On August 6, 2020, ESSA announced financial results for the third quarter of fiscal year 2020 that ended June 30, 2020. The company reported a net loss of $4.9 million, or $0.24 per share, compared to a net loss of $3.3 million, or $0.52 per share, for the third quarter of fiscal year 2019. R&D expenses for the third quarter of fiscal year 2020 were $2.7 million, compared to $2.0 million for the third quarter of fiscal year 2019. The increase was primarily due to costs related to preparing the IND for EPI-7386, preparatory clinical costs, manufacturing costs, and share-based compensation. G&A expenses for the three months ending June 30, 2020 were $2.2 million, compared to $1.2 million for the three months ending June 30, 2019. The increase was primarily due to non-cash share-based payments.
As of June 30, 2020, ESSA had approximately $36.5 million of cash and cash equivalents. On July 31, 2020, ESSA announced the closing of an underwritten public offering of a total of approximately 8.2 million shares (which included 1.065 million shares granted to the underwriters) at an offering price of $6.00 per share. Total net proceeds to ESSA were approximately $45.0 million. Pfizer, Inc. (PFE) was a new investor and acquired 1.675 million shares and now own 6% of outstanding shares. Additional institutional investors who acquired shares in this financing include Avidity Partners, CAM Capital, Point72, Ridgeback Capital, Sphera Healthcare, and Vivo Capital.
As of June 30, 2020, ESSA had approximately 20.8 million shares outstanding and following the recent financing we estimate that the company currently has approximately 29.0 million shares and, when factoring in stock options and warrants, a fully diluted share count of approximately 46.4 million.
ESSA continues to show very encouraging preclinical data for EPI-7386 and we imagine that a number of Big Pharma companies would be interested in testing currently available anti-androgen therapies in combination studies with EPI-7386. We believe that Pfizer now owning 6% of the outstanding shares of ESSA is indicative of the type of interest that the company will be receiving (and likely already is) from potential collaborators.

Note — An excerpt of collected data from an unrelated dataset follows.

(* Let $V$ be a finite dimensional vector space over a field $\mathbb{K}$ of characteristic zero, and let $u,v\in\widehat L(V)$ satisfy $|\exp(u)|=|\exp(v)|\in|\widehat T(V)|$. Then $|u^m|=|v^m|\in|\widehat T(V)|$ for all $m\ge0$.
   Context: $\widehat T(V)=\prod_{m\ge0}V^{\otimes m}$ is the completed tensor algebra and $\widehat L(V)\subset\widehat T(V)$ the completed free Lie algebra on $V$ (the primitive elements). $|\widehat T(V)|$ is the quotient of $\widehat T(V)$ by the closure of the span of commutators $ab-ba$, with projection $x\mapsto|x|$. *)

(* Model: V = K^n with basis e_0..e_{n-1} (indices 'I_n).
   Words = seq 'I_n; the completed tensor algebra \hat T(V) = prod_m V^{(x)m}
   is identified with formal noncommutative power series seq 'I_n -> K,
   the coefficient of the word i1..im being the coordinate in V^{(x)m}
   on e_{i1} (x) ... (x) e_{im}. *)
From mathcomp Require Import all_boot all_order all_algebra.
Set Implicit Arguments. Unset Strict Implicit. Unset Printing Implicit Defensive.
Import Order.TTheory GRing.Theory Num.Theory.
Local Open Scope ring_scope.

Section Series.
Variables (K : fieldType) (n : nat).

Definition word := seq 'I_n.
Definition ser := word -> K.

Definition ser_one : ser := fun w => if w == [::] then 1 else 0.
Definition ser_add (a b : ser) : ser := fun w => a w + b w.
Definition ser_sub (a b : ser) : ser := fun w => a w - b w.
Definition ser_mul (a b : ser) : ser :=
  fun w => \sum_(i < (size w).+1) a (take i w) * b (drop i w).
Fixpoint ser_pow (a : ser) (m : nat) : ser :=
  if m is m'.+1 then ser_mul a (ser_pow a m') else ser_one.
(* exp(u) = sum_k u^k / k!  (for u with zero constant term, only the terms
   k <= |w| contribute to the coefficient of the word w) *)
Definition ser_exp (u : ser) : ser :=
  fun w => \sum_(k < (size w).+1) (k`!%:R)^-1 * ser_pow u k w.

Fixpoint shuffle_count (u v w : word) : nat :=
  match w with
  | [::] => ((u == [::]) && (v == [::]))%N
  | c :: w' =>
      ((if u is a :: u' then ((a == c) * shuffle_count u' v w')%N else 0%N)
     + (if v is b :: v' then ((b == c) * shuffle_count u v' w')%N else 0%N))%N
  end.

(* shuffle coproduct Delta : \hat T(V) -> \hat T(V) \hat(x) \hat T(V),
   an element of the completed tensor product being given by its
   coefficients on pairs of words *)
Definition coprod (x : ser) (u v : word) : K :=
  \sum_(t : (size u + size v).-tuple 'I_n) x (val t) * (shuffle_count u v (val t))%:R.

(* \hat L(V): the primitive elements, Delta x = x (x) 1 + 1 (x) x *)
Definition primitive (x : ser) : Prop :=
  forall u v : word,
    coprod x u v = (if v == [::] then x u else 0) + (if u == [::] then x v else 0).

Definition comm_span (z : ser) : Prop :=
  exists s : seq (ser * ser),
    z = (fun w => \sum_(p <- s) (ser_mul p.1 p.2 w - ser_mul p.2 p.1 w)).

(* closure in the (degree-filtration / product) topology of \hat T(V) *)
Definition in_closure (P : ser -> Prop) (z : ser) : Prop :=
  forall N : nat, exists s : ser, P s /\ forall w : word, (size w < N)%N -> z w = s w.

Definition cyc_eq (x y : ser) : Prop := in_closure comm_span (ser_sub x y).

End Series.

(* For a primitive u, the coproduct of u^j is the binomial sum of the u^l (x) u^(j-l), so
   the Adams operation Psi^k = mu^(k) o Delta^(k) acts on u^j by k^j, and
   Psi^k (exp u) = sum_j k^j u^j / j!.  On a word, Psi^k sums the concatenations of the
   k pieces of its deshuffles; it maps the difference of a word and its rotation to a
   sum of such differences and only reads coefficients of words of the same length, so
   it preserves the closure of the commutator span.  Hence |exp u| = |exp v| gives
   |sum_j k^j (u^j - v^j) / j!| = 0 for every k, and since the Vandermonde matrix
   (k^j)_(k, j < N) is invertible in characteristic zero, a combination of the Psi^k
   isolates u^m - v^m on all words of length < N. *)

From mathcomp Require Import all_boot all_order all_algebra.
From Stdlib Require Import FunctionalExtensionality.
From mathcomp Require Import zify ring.
Set Implicit Arguments. Unset Strict Implicit. Unset Printing Implicit Defensive.
Import Order.TTheory GRing.Theory Num.Theory.
Local Open Scope ring_scope.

We have adjusted our model to account for the company’s recent financing and we now utilize a net margin percentage of up to 35% on gross sales instead of a 15% royalty for U.S. sales, as we believe this is closer to how a potential Big Pharma acquirer would value EPI-7386. These changes have led to an increase in our valuation to $16.50, and we eagerly await initial results from the Phase 1 trial, which may be shared at a scientific meeting in the first half of 2021.